Hopper showed a strong interest in drawing by the age of five and was provided instructional magazines and illustrated books while in grade school. Early on he learned the importance of the examination of light and shadow, something that stayed with him throughout his career. He inherited his mother’s artistic tendencies and his father’s intellectual curiosity. His parents were encouraging, well-off, conservative, and religious.
After high school, Hopper went to the New York School of Art, where he met and studied with realist painters William Merritt Chase and Robert Henri. Hopper was particularly influenced by Chase, as well as by the work of Edouard Manet and Edward Degas. Henri also had a profound impact on Hopper’s early development and is known for his advice to students: "Forget about art and paint pictures of what interests you in life.”
After art school, Hopper made three trips to check out the art scene in Europe, where he primarily focused on realist painting such as Rembrandt’s Night Watch. Of the iconic work, Hopper said: "the most wonderful thing of his I have seen; it's past belief in its reality.”
After returning from abroad, he rented a studio in New York City in 1912. He was slow to define his own work. His friend the illustrator Walter Tittle describes Hopper’s depressed emotional state: "suffering . . . from long periods of unconquerable inertia, sitting for days at a time before his easel in helpless unhappiness, unable to raise a hand to break the spell." One can only imagine what it must have been like for such a gifted, yet conservatively minded talent during the evolution of cubism and other subsequent art movements. I find this emotional conundrum to be at the core of the tension in Hopper’s work. To be so out of step with the most critically acclaimed art of your time, while having a deeply original personal vision.
In 1923 Hopper met Josephine Nivison, also one of Robert Henri's former students, whom he would marry the following year. Unlike Edward, who was tall (6’5”), introspective, shy, secretive, and conservative, Jo was short, open, liberal, gregarious, and sociable. Despite also being an artist, Jo subordinated her career to manage his career and interviews, living a reclusive life together. She became his primary model. They remained life-long partners, although their marriage was complex, and not without struggle.
Hopper's personal and professional lives were filled with contrasting realities. I see this as a possible, and partial, impetus for the profound life force of his paintings. Although he often painted seemingly banal scenes of American everyday life, the paintings are brimming with pure visual intensity that were created in a slow, determined manner; every part deeply considered. Almost no other realist painter, to my eye, has ever created so much weighty coloristic visual poetry in his work.
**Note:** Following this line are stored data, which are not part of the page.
(* Let $G$ be a finitely generated group and let $H=G/K$, where $K$ is the normal subgroup of $G$ generated by finitely many elements $r_1,\dots,r_m\in G$ together with all values $v_j(g_1,\dots,g_{k_j})$, $(g_1,\dots,g_{k_j})\in G^{k_j}$, of finitely many words $v_1,\dots,v_p$ (each $v_j$ an element of a free group of rank $k_j$). If $G$ has CFQ (respectively ReFQ, respectively co-ReFQ), then so does $H$.
   Context: Let $G$ be generated by a finite set $S$. A marked finite group is a pair $(F,f)$ with $F$ a finite group (given by its multiplication table) and $f:S\to F$ a function. $G$ has CFQ if there is an algorithm which, given $(F,f)$, decides whether $f$ extends to a group homomorphism $G\to F$; ReFQ if there is an algorithm halting exactly on those $(F,f)$ for which $f$ extends; co-ReFQ if there is an algorithm halting exactly on those $(F,f)$ for which $f$ does not extend. These properties are independent of the finite generating set chosen. *)

From HB Require Import structures.
From mathcomp Require Import all_boot monoid.

Set Implicit Arguments.
Unset Strict Implicit.
Unset Printing Implicit Defensive.

Inductive prog : Type :=
| PZero
| PSucc
| PProj (i : nat)
| PComp (f : prog) (gs : list prog)
| PRec (f g : prog)
| PMu (f : prog).
(* Let $(\beta,\lambda)\in\mathcal T$, $J\ge2$, and $0\le\eta<1-1/J$. Let $\bm\theta^*_{\beta,\lambda}$ be a global minimizer over $\Theta$ of the clean expected SD-loss $R_{\beta,\lambda}$ and $\bm\theta^\eta_{\beta,\lambda}$ a global minimizer over $\Theta$ of the noisy expected SD-loss $R^\eta_{\beta,\lambda}$ (both assumed to exist). Then $$0\le R_{\beta,\lambda}(\bm\theta^\eta_{\beta,\lambda})-R_{\beta,\lambda}(\bm\theta^*_{\beta,\lambda})\le M^{(\eta)}_{\beta,\lambda}:=\frac{\eta}{J-1-J\eta}\cdot\frac1A\Big(J-J^{1-\beta}+\frac{1+\beta}{B}\big|1-J^{1-B}\big|\Big).$$
   Context: $\ell_{\beta,\lambda}(\bm u,\bm p)=\frac1A\sum_{j=1}^J[p_j^{1+\beta}-\frac{1+\beta}{B}u_jp_j^B+\frac AB]$ with $A=1+\lambda(1-\beta)$, $B=\beta-\lambda(1-\beta)$, and $\mathcal T=\{(\beta,\lambda):0\le\beta<1,-\frac1{1-\beta}<\lambda<\frac\beta{1-\beta}\}\cup\{(1,\lambda):\lambda\in\mathbb R\}$ (so $A,B>0$). Features $\bm X\sim G_{\bm X}$; the clean one-hot label $\bm Y\in\{\bm e_1,\dots,\bm e_J\}$ given $\bm X=\bm x$ is Multinomial$(1;\bm p^*(\bm x))$. Under uniform label noise of level $\eta$, the observed label $\widetilde{\bm Y}$ given $\bm X=\bm x$ equals $\bm e_j$ with probability $(1-\eta)p_j^*(\bm x)+\frac{\eta}{J-1}(1-p_j^*(\bm x))$ (i.e. the true label is kept with probability $1-\eta$ and otherwise replaced uniformly by one of the other $J-1$ labels). $R_{\beta,\lambda}(\bm\theta)=E[\ell_{\beta,\lambda}(\bm Y,\bm p(\bm X;\bm\theta))]$ and $R^\eta_{\beta,\lambda}(\bm\theta)=E[\ell_{\beta,\lambda}(\widetilde{\bm Y},\bm p(\bm X;\bm\theta))]$, where $\bm p(\bm x;\bm\theta)\in\Delta_J$ are softmax network class probabilities, $\bm\theta\in\Theta$. *)

From HB Require Import structures.
From mathcomp Require Import all_boot all_order all_algebra.
From mathcomp Require Import all_classical all_reals all_analysis.
Set Implicit Arguments. Unset Strict Implicit. Unset Printing Implicit Defensive.
Import Order.TTheory GRing.Theory Num.Theory.
Local Open Scope ring_scope.

Definition SD_A {R : realType} (beta lambda : R) : R := 1 + lambda * (1 - beta).
Definition SD_B {R : realType} (beta lambda : R) : R := beta - lambda * (1 - beta).

Definition in_T {R : realType} (beta lambda : R) : Prop :=
  (0 <= beta /\ beta < 1 /\ - (1 - beta)^-1 < lambda /\ lambda < beta / (1 - beta))
  \/ beta = 1.

Definition SD_loss {R : realType} (J : nat) (beta lambda : R) (u p : 'I_J -> R) : R :=
  (SD_A beta lambda)^-1 *
  \sum_(j < J) (p j `^ (1 + beta)
                - (1 + beta) / SD_B beta lambda * u j * p j `^ (SD_B beta lambda)
                + SD_A beta lambda / SD_B beta lambda).

Definition onehot {R : realType} (J : nat) (k : 'I_J) : 'I_J -> R :=
  fun j => (j == k)%:R.

Definition softmax {R : realType} (J : nat) (z : 'I_J -> R) : 'I_J -> R :=
  fun j => expR (z j) / \sum_(k < J) expR (z k).

Definition noisy_prob {R : realType} (J : nat) (eta : R) (q : 'I_J -> R) : 'I_J -> R :=
  fun j => (1 - eta) * q j + eta / (J - 1)%:R * (1 - q j).

(* expected SD-loss E[l(Y, p(X))] where X ~ P and Y | X = x ~ Multinomial(1; q x) *)
Definition exp_risk {R : realType} (d : measure_display) (T : measurableType d)
  (P : probability T R) (J : nat) (beta lambda : R)
  (q : T -> 'I_J -> R) (p : T -> 'I_J -> R) : \bar R :=
  (\int[P]_x (\sum_(k < J) q x k * SD_loss beta lambda (onehot k) (p x))%:E)%E.

Definition M_bound {R : realType} (J : nat) (beta lambda eta : R) : R :=
  eta / ((J%:R - 1) - J%:R * eta) *
  ((SD_A beta lambda)^-1 *
   (J%:R - J%:R `^ (1 - beta)
    + (1 + beta) / SD_B beta lambda * `|1 - J%:R `^ (1 - SD_B beta lambda)|)).

From HB Require Import structures.
From mathcomp Require Import all_boot all_order all_algebra.
From mathcomp Require Import all_classical all_reals all_analysis.
From mathcomp Require Import measurable_realfun.
From mathcomp Require Import ring lra.
Set Implicit Arguments.
Unset Strict Implicit.
Unset Printing Implicit Defensive.
Import Order.TTheory GRing.Theory Num.Theory.
Local Open Scope ring_scope.

(* Under uniform noise the observed label law is (1 - eta - c) p* + c with
   c = eta / (J - 1), so the noisy risk is (1 - eta - c) R + c U, where U is the
   expected sum of the losses over all J labels.  Comparing the noisy risks of the
   two minimizers gives
     (1 - eta - c) (R theta_eta - R theta_star) <= c (U theta_star - U theta_eta),
   and U varies by at most A^-1 (J - J^(1-beta) + (1+beta)/B |1 - J^(1-B)|) because
   on the open probability simplex every power sum sum_j p_j^s lies between 1 and
   J^(1-s), by Bernoulli's inequality applied to the J p_j. *)

Section bernoulli.
Variable R : realType.

Lemma bernoulli_powR_ge (s y : R) : 1 <= s -> 0 < y -> 1 + s * (y - 1) <= y `^ s.
Proof.
move=> s_ge1 y_gt0; have [->|s_neq1] := eqVneq s 1; first by rewrite powRr1; lra.
have s_gt1 : 1 < s by rewrite lt_neqAle eq_sym s_neq1.
have s_gt0 : 0 < s by lra.
have q_gt0 : 0 < s / (s - 1) by rewrite divr_gt0 //; lra.
have := conjugate_powR (ltW y_gt0) ler01 s_gt0 q_gt0.
rewrite invf_div powR1 mulr1.
have -> : s^-1 + (s - 1) / s = 1 by field; lra.
move=> /(_ erefl); rewrite -(ler_pM2l s_gt0).
have -> : s * (y `^ s / s + 1 * ((s - 1) / s)) = y `^ s + (s - 1) by field; lra.
lra.
Qed.

Lemma bernoulli_powR_le (s y : R) : 0 <= s <= 1 -> 0 < y -> y `^ s <= 1 + s * (y - 1).
Proof.
move=> /andP[s_ge0 s_le1] y_gt0.
have [->|s_neq0] := eqVneq s 0; first by rewrite powRr0; lra.
have [->|s_neq1] := eqVneq s 1; first by rewrite powRr1; lra.
have s_gt0 : 0 < s by rewrite lt_neqAle eq_sym s_neq0.
have s_lt1 : s < 1 by rewrite lt_neqAle s_neq1.
have p_gt0 : 0 < s^-1 by rewrite invr_gt0.
have q_gt0 : 0 < (1 - s)^-1 by rewrite invr_gt0; lra.
have := conjugate_powR (powR_ge0 y s) ler01 p_gt0 q_gt0.
rewrite !invrK powR1 mulr1 -powRrM mulfV ?gt_eqF // powRr1 ?(ltW y_gt0) //.
have -> : 1 + s * (y - 1) = y * s + 1 * (1 - s) by ring.
by apply; ring.
Qed.

End bernoulli.

Lemma sum_eq1_card_gt0 (R : numDomainType) (J : nat) (p : 'I_J -> R) :
  \sum_i p i = 1 -> (0 < J)%N.
Proof. by case: J p => [p|//]; rewrite big_ord0 => /eqP; rewrite eq_sym oner_eq0. Qed.

Lemma sum_eq1_le1 (R : numDomainType) (I : finType) (p : I -> R) i :
  (forall i, 0 <= p i) -> \sum_i p i = 1 -> p i <= 1.
Proof. by move=> p_ge0 <-; rewrite (bigD1 i) //= lerDl sumr_ge0. Qed.

Section power_sums_on_simplex.
Variables (R : realType) (J : nat) (p : 'I_J -> R).
Hypotheses (p_gt0 : forall i, 0 < p i) (p_sum1 : \sum_i p i = 1).

Let J_gt0 : (0 : R) < J%:R.
Proof. by rewrite ltr0n (sum_eq1_card_gt0 p_sum1). Qed.

Let p_in01 i : 0 < p i <= 1.
Proof. by rewrite p_gt0 (sum_eq1_le1 _ _ p_sum1) // => k; exact: ltW. Qed.

Let scaled_sum_powR s : J%:R `^ s * \sum_i p i `^ s = \sum_i (J%:R * p i) `^ s.
Proof. by rewrite mulr_sumr; apply: eq_bigr => i _; rewrite powRM ?ltW. Qed.

Let sum_tangent s : \sum_i (1 + s * (J%:R * p i - 1)) = J%:R.
Proof.
rewrite big_split /= -mulr_sumr sumrB -mulr_sumr p_sum1 sumr_const card_ord.
rewrite -[1 *+ J]/(J%:R); ring.
Qed.

Let J_powR_1B (s : R) : J%:R `^ (1 - s) = J%:R / J%:R `^ s.
Proof. by rewrite powRB ?powRr1 ?ler0n //; apply/implyP => _; rewrite gt_eqF. Qed.

Lemma sum_powR_simplex_ge1 s : 1 <= s ->
  J%:R `^ (1 - s) <= \sum_i p i `^ s <= 1.
Proof.
move=> s_ge1; apply/andP; split.
  rewrite J_powR_1B ler_pdivrMr ?powR_gt0 // mulrC scaled_sum_powR.
  rewrite -{1}(sum_tangent s); apply: ler_sum => i _.
  by apply: bernoulli_powR_ge; rewrite ?mulr_gt0.
by rewrite -[leRHS]p_sum1; apply: ler_sum => i _; exact: ge1r_powR (p_in01 i) s_ge1.
Qed.

Lemma sum_powR_simplex_le1 s : 0 <= s <= 1 ->
  1 <= \sum_i p i `^ s <= J%:R `^ (1 - s).
Proof.
move=> /andP[s_ge0 s_le1]; apply/andP; split.
  by rewrite -[leLHS]p_sum1; apply: ler_sum => i _; exact: ger1_powR (p_in01 i) s_le1.
rewrite J_powR_1B ler_pdivlMr ?powR_gt0 // mulrC scaled_sum_powR.
rewrite -[leRHS](sum_tangent s); apply: ler_sum => i _.
by apply: bernoulli_powR_le; rewrite ?s_ge0 ?mulr_gt0.
Qed.

End power_sums_on_simplex.

Lemma dist_sum_powR_simplex (R : realType) (J : nat) (p p' : 'I_J -> R) (s : R) :
  (forall i, 0 < p i) -> \sum_i p i = 1 ->
  (forall i, 0 < p' i) -> \sum_i p' i = 1 -> 0 <= s ->
  `|\sum_i p i `^ s - \sum_i p' i `^ s| <= `|1 - J%:R `^ (1 - s)|.
Proof.
move=> p_gt0 p_sum1 p'_gt0 p'_sum1 s_ge0.
have [s_le1|s_gt1] := lerP s 1.
  have s01 : 0 <= s <= 1 by rewrite s_ge0.
  move: (sum_powR_simplex_le1 p_gt0 p_sum1 s01)
    (sum_powR_simplex_le1 p'_gt0 p'_sum1 s01).
  move=> /andP[? ?] /andP[? ?]; rewrite [leRHS]ler0_norm ?subr_le0; last by lra.
  by rewrite ler_norml; lra.
move: (sum_powR_simplex_ge1 p_gt0 p_sum1 (ltW s_gt1))
  (sum_powR_simplex_ge1 p'_gt0 p'_sum1 (ltW s_gt1)).
move=> /andP[? ?] /andP[? ?]; rewrite [leRHS]ger0_norm ?subr_ge0; last by lra.
by rewrite ler_norml; lra.
Qed.

Section SD_loss_onehot_sums.
Variables (R : realType) (J : nat) (beta lambda : R).
Local Notation A := (SD_A beta lambda).
Local Notation B := (SD_B beta lambda).
Local Notation loss := (SD_loss beta lambda).

Lemma SD_loss_onehot (p : 'I_J -> R) k : loss (onehot k) p =
  A^-1 * (\sum_j (p j `^ (1 + beta) + A / B) - (1 + beta) / B * p k `^ B).
Proof.
rewrite /SD_loss (bigD1 k) //= [in RHS](bigD1 k) //= /onehot eqxx mulr1.
congr (_ * _); rewrite (eq_bigr (fun j => p j `^ (1 + beta) + A / B)); first ring.
by move=> j /negbTE ->; rewrite mulr0 mul0r subr0.
Qed.

Lemma sum_SD_loss_onehot (p : 'I_J -> R) : \sum_k loss (onehot k) p =
  A^-1 * (J%:R * \sum_j p j `^ (1 + beta) + J%:R * J%:R * (A / B)
          - (1 + beta) / B * \sum_k p k `^ B).
Proof.
under eq_bigr do rewrite SD_loss_onehot.
rewrite -mulr_sumr sumrB sumr_const card_ord big_split /= sumr_const card_ord.
by rewrite -mulr_sumr; congr (_ * _); ring.
Qed.

Hypotheses (beta_ge0 : 0 <= beta) (A_gt0 : 0 < A) (B_gt0 : 0 < B).

Let coef_ge0 : 0 <= (1 + beta) / B.
Proof. exact: divr_ge0 (addr_ge0 ler01 beta_ge0) (ltW B_gt0). Qed.

Lemma norm_SD_loss_onehot_le (p : 'I_J -> R) k :
  (forall j, 0 < p j) -> \sum_j p j = 1 ->
  `|loss (onehot k) p| <= A^-1 * (J%:R * (1 + A / B) + (1 + beta) / B).
Proof.
move=> p_gt0 p_sum1; have p01 j : 0 < p j <= 1.
  by rewrite p_gt0 (sum_eq1_le1 _ _ p_sum1) // => i; exact: ltW.
have powR_le1 j (s : R) : 0 <= s -> p j `^ s <= 1.
  by move=> s_ge0; rewrite -(powRr0 (p j)) ger_powR ?p01.
have AB_ge0 : 0 <= A / B by rewrite divr_ge0 ?ltW.
rewrite SD_loss_onehot normrM gtr0_norm ?invr_gt0 //.
apply: ler_wpM2l; first by rewrite invr_ge0 ltW.
apply: le_trans (ler_normB _ _) _; apply: lerD.
  rewrite ger0_norm; last by apply: sumr_ge0 => j _; rewrite addr_ge0 ?powR_ge0.
  have term_le j : p j `^ (1 + beta) + A / B <= 1 + A / B.
    by rewrite lerD2r powR_le1 ?addr_ge0.
  apply: le_trans (ler_sum _ (fun j _ => term_le j)) _.
  by rewrite sumr_const card_ord mulr_natl.
by rewrite normrM !ger0_norm ?powR_ge0 // ler_piMr // powR_le1 // ltW.
Qed.

Lemma sum_SD_loss_onehot_sub_le (p p' : 'I_J -> R) :
  (forall i, 0 < p i) -> \sum_i p i = 1 ->
  (forall i, 0 < p' i) -> \sum_i p' i = 1 ->
  \sum_k loss (onehot k) p - \sum_k loss (onehot k) p'
  <= A^-1 * (J%:R - J%:R `^ (1 - beta) + (1 + beta) / B * `|1 - J%:R `^ (1 - B)|).
Proof.
move=> p_gt0 p_sum1 p'_gt0 p'_sum1.
rewrite !sum_SD_loss_onehot -mulrBr.
apply: ler_wpM2l; first by rewrite invr_ge0 ltW.
have J_ge1 : 1 <= J%:R :> R.
  by rewrite ler1n (sum_eq1_card_gt0 p_sum1).
have Jpow_le1 : J%:R `^ (- beta) <= 1.
  by rewrite -[leRHS](powRr0 J%:R); apply: ler_powR; rewrite // oppr_le0.
have J_dist : J%:R * `|1 - J%:R `^ (1 - (1 + beta))| = J%:R - J%:R `^ (1 - beta).
  rewrite opprD addNKr ger0_norm ?subr_ge0 // mulrBr mulr1 powRD ?powRr1 ?ler0n //.
  by apply/implyP => _; rewrite gt_eqF // (lt_le_trans ltr01).
have := dist_sum_powR_simplex p_gt0 p_sum1 p'_gt0 p'_sum1 (addr_ge0 ler01 beta_ge0).
move=> /ler_normlW /(ler_wpM2l (ler0n R J)); rewrite J_dist.
have := dist_sum_powR_simplex p_gt0 p_sum1 p'_gt0 p'_sum1 (ltW B_gt0).
move=> /lerNnormlW /(ler_wpM2l coef_ge0).
lra.
Qed.

End SD_loss_onehot_sums.

Section softmax_simplex.
Variables (R : realType) (J : nat) (z : 'I_J -> R).
Hypothesis J_gt0 : (0 < J)%N.

Let sum_expR_gt0 : 0 < \sum_k expR (z k).
Proof.
rewrite (bigD1 (Ordinal J_gt0)) //= ltr_pwDl ?expR_gt0 //.
by apply: sumr_ge0 => k _; exact: expR_ge0.
Qed.

Lemma softmax_gt0 j : 0 < softmax z j.
Proof. by rewrite divr_gt0 ?expR_gt0. Qed.

Lemma softmax_sum1 : \sum_j softmax z j = 1.
Proof. by rewrite /softmax -mulr_suml mulfV ?gt_eqF. Qed.

End softmax_simplex.

Definition class_prob_model (R : realType) (d : measure_display) (T : measurableType d)
    (J : nat) (p : T -> 'I_J -> R) : Prop :=
  [/\ forall j, measurable_fun setT (fun x => p x j),
      forall x j, 0 < p x j & forall x, \sum_j p x j = 1].
Lemma cnt_first_le_eventually (A A' B : set nat) m n : infinite_set B ->
  (forall y, m <= y -> A y -> A' y) -> cnt_first A B n <= cnt_first A' B n + m.
Proof.
move=> infB AA'; rewrite /cnt_first.
apply: (@leq_trans (\sum_(i < n) ((elem_of B i \in A' : nat) + (i < m : nat)))).
  apply: leq_sum => i _; have [/set_mem Ai|] := boolP (elem_of B i \in A) => //.
  have [mi|im] := leqP m (elem_of B i); first by rewrite (mem_set (AA' _ mi Ai)).
  by rewrite (leq_ltn_trans (elem_of_ge infB i) im) addn1.
by rewrite big_split /= leq_add2l sum_ord_ltn geq_minr.
Qed.

Section Liminf.
Variable R : realType.
Local Open Scope ereal_scope.
Implicit Types u v : (\bar R)^nat.

Lemma limn_einf_supE u : limn_einf u = ereal_sup (range (einfs u)).
Proof. by rewrite limn_einf_lim; apply/cvg_lim => //; exact: cvg_einfs_sup. Qed.

Lemma limn_einf_ge_eventually u a : (exists N, forall n, (N <= n)%N -> a <= u n) ->
  a <= limn_einf u.
Proof.
move=> [N Nu]; rewrite limn_einf_supE.
apply: (@le_trans _ _ (einfs u N)); last by apply: ereal_sup_ubound; exists N.
by apply: le_ereal_inf_tmp => _ [n /= Nn <-]; exact: Nu.
Qed.

Lemma limn_einf_le_often u b : (forall N, exists2 n, (N <= n)%N & u n <= b) ->
  limn_einf u <= b.
Proof.
move=> often; rewrite limn_einf_supE; apply: ge_ereal_sup => _ [N _ <-].
have [n Nn unb] := often N; apply: le_trans unb.
by apply: ereal_inf_lbound; exists n.
Qed.
(* Let $(\mathfrak{g},V,\Theta)$ be a Lie-Leibniz triple, let $\mathfrak{h}=\mathrm{Im}(\Theta)$, and let $(T_{\leq-1},\llbracket\,.\,,.\,\rrbracket)$ be its associated negatively graded Lie algebra. Then there exists a unique family of $\mathfrak{h}$-equivariant linear maps $\partial=(\partial_{-i}:T_{-i-1}\to T_{-i})_{i\geq1}$ (a degree $+1$ map, extended as a graded derivation of $\Lambda^\bullet(T_{\leq-1})$) such that $\partial\llbracket u,v\rrbracket=2\{u,v\}$, $\partial\llbracket u,x\rrbracket=\Theta(u)\cdot x-\llbracket u,\partial(x)\rrbracket$, $\partial\llbracket x,y\rrbracket=\llbracket\partial(x),y\rrbracket+(-1)^{|x|}\llbracket x,\partial(y)\rrbracket$ for all $u,v\in T_{-1}$ and $x,y\in T_{\leq-2}$. Moreover $\partial_{-i}\circ\partial_{-i-1}=0$ for every $i\geq1$.
   Context: A (left) Leibniz algebra is a vector space $V$ with bilinear $\circ$ satisfying $x\circ(y\circ z)=(x\circ y)\circ z+y\circ(x\circ z)$; $\{x,y\}=\frac12(x\circ y+y\circ x)$. A Lie-Leibniz triple $(\mathfrak{g},V,\Theta)$ consists of a Lie algebra $\mathfrak{g}$, a $\mathfrak{g}$-module $V$ (action $a\cdot x$) with a Leibniz product $\circ$, and a linear map $\Theta:V\to\mathfrak{g}$ with $x\circ y=\Theta(x)\cdot y$ and $\Theta(x\circ y)=[\Theta(x),\Theta(y)]$. Associated graded Lie algebra: let $K$ be the largest $\mathfrak{g}$-submodule of $S^2(V)$ contained in the kernel of $S^2(V)\to V$, $x\odot y\mapsto\{x,y\}$. Let $F=\bigoplus_{i\geq1}F_{-i}$ be the free graded Lie algebra generated by $V[1]$ (a copy of $V$ in degree $-1$); identify $F_{-2}$ with $S^2(V)$ via $[x,y]\leftrightarrow x\odot y$, and let $\mathfrak g$ act on $F$ by the unique derivations extending its action on $V$. Put $K_{-2}=K$ and $K_{-i}=\sum_{j=1}^{i-2}[F_{-j},K_{-i+j}]$ for $i\geq3$; $K_\bullet$ is a graded Lie ideal and $\mathfrak{g}$-submodule of $F$. Define $T_{-1}=V[1]$, $T_{-i}=F_{-i}/K_{-i}$ ($i\ge2$), $T_{\leq-1}=F/K_\bullet$ with the induced bracket $\llbracket\,.\,,.\,\rrbracket$ and $\mathfrak{g}$-action. $\mathfrak{h}$-equivariance of $\partial_{-i}$ means $\partial_{-i}(a\cdot x)=a\cdot\partial_{-i}(x)$ for $a\in\mathfrak{h}$. Here $T_{\leq -2}=\bigoplus_{i\ge2}T_{-i}$. *)

From HB Require Import structures.
From mathcomp Require Import all_boot all_order all_algebra.
Set Implicit Arguments.
Unset Strict Implicit.
Unset Printing Implicit Defensive.
Import GRing.Theory.
Local Open Scope ring_scope.

Definition linear_map (K : fieldType) (A B : lmodType K) (f : A -> B) : Prop :=
  forall (c : K) x y, f (c *: x + y) = c *: f x + f y.

Definition bilinear_map (K : fieldType) (A B C : lmodType K) (f : A -> B -> C) : Prop :=
  (forall (c : K) x x' y, f (c *: x + x') y = c *: f x y + f x' y) /\
  (forall (c : K) x y y', f x (c *: y + y') = c *: f x y + f x y').

Definition is_subspace (K : fieldType) (A : lmodType K) (W : A -> Prop) : Prop :=
  W 0 /\ (forall (c : K) x y, W x -> W y -> W (c *: x + y)).

Definition is_Lie_algebra (K : fieldType) (g : lmodType K) (br : g -> g -> g) : Prop :=
  bilinear_map br /\ (forall x, br x x = 0) /\
  (forall x y z, br x (br y z) + br y (br z x) + br z (br x y) = 0).

Definition is_Lie_module (K : fieldType) (g V : lmodType K) (brg : g -> g -> g)
  (act : g -> V -> V) : Prop :=
  bilinear_map act /\
  (forall a b x, act (brg a b) x = act a (act b x) - act b (act a x)).

Definition is_Leibniz (K : fieldType) (V : lmodType K) (circ : V -> V -> V) : Prop :=
  bilinear_map circ /\
  (forall x y z, circ x (circ y z) = circ (circ x y) z + circ y (circ x z)).

Definition is_Lie_Leibniz_triple (K : fieldType) (g V : lmodType K)
  (brg : g -> g -> g) (act : g -> V -> V) (circ : V -> V -> V) (Theta : V -> g) : Prop :=
  is_Lie_algebra brg /\ is_Lie_module brg act /\ is_Leibniz circ /\ linear_map Theta /\
  (forall x y, circ x y = act (Theta x) y) /\
  (forall x y, Theta (circ x y) = brg (Theta x) (Theta y)).

Definition sym_bracket (K : fieldType) (V : lmodType K) (circ : V -> V -> V) (x y : V) : V :=
  (2 : K)^-1 *: (circ x y + circ y x).

(* A graded vector space L = (+)_{i >= 1} L_{-i}; the component of degree -i is
   the subspace G i (G 0 is trivial). *)
Definition is_neg_grading (K : fieldType) (L : lmodType K) (G : nat -> L -> Prop) : Prop :=
  [/\ (forall i, is_subspace (G i)),
      (forall x, G 0%N x -> x = 0),
      (forall x, exists n (xs : nat -> L), (forall i, G i (xs i)) /\ x = \sum_(i < n) xs i) &
      (forall n (xs : nat -> L), (forall i, G i (xs i)) -> \sum_(i < n) xs i = 0 ->
          forall i, (i < n)%N -> xs i = 0)].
Hopper had a kind of supernatural ability to mix and create original color harmonies. I have long thought, when standing in front of a great Hopper painting, you can feel the color viscerally in your body. Hopper, by the relatively conservative nature of his imagery can be easily overlooked. His technique is not flashy, but more plodding. He liked to fully work out his compositions before beginning to paint. In some cases he’d make as many as fifty preparatory drawings. His use of geometric underpinnings in his compositions, combined with his use of tonality and temperature to create visual rhythms, lead your eye in a workman-like, yet effortless, balanced dance around his surfaces. His use of lead white gave a luminosity to his subtle and vivid color choices, creating a poetic visual experience that, as he said about Rembrandt, is “past belief in its reality.”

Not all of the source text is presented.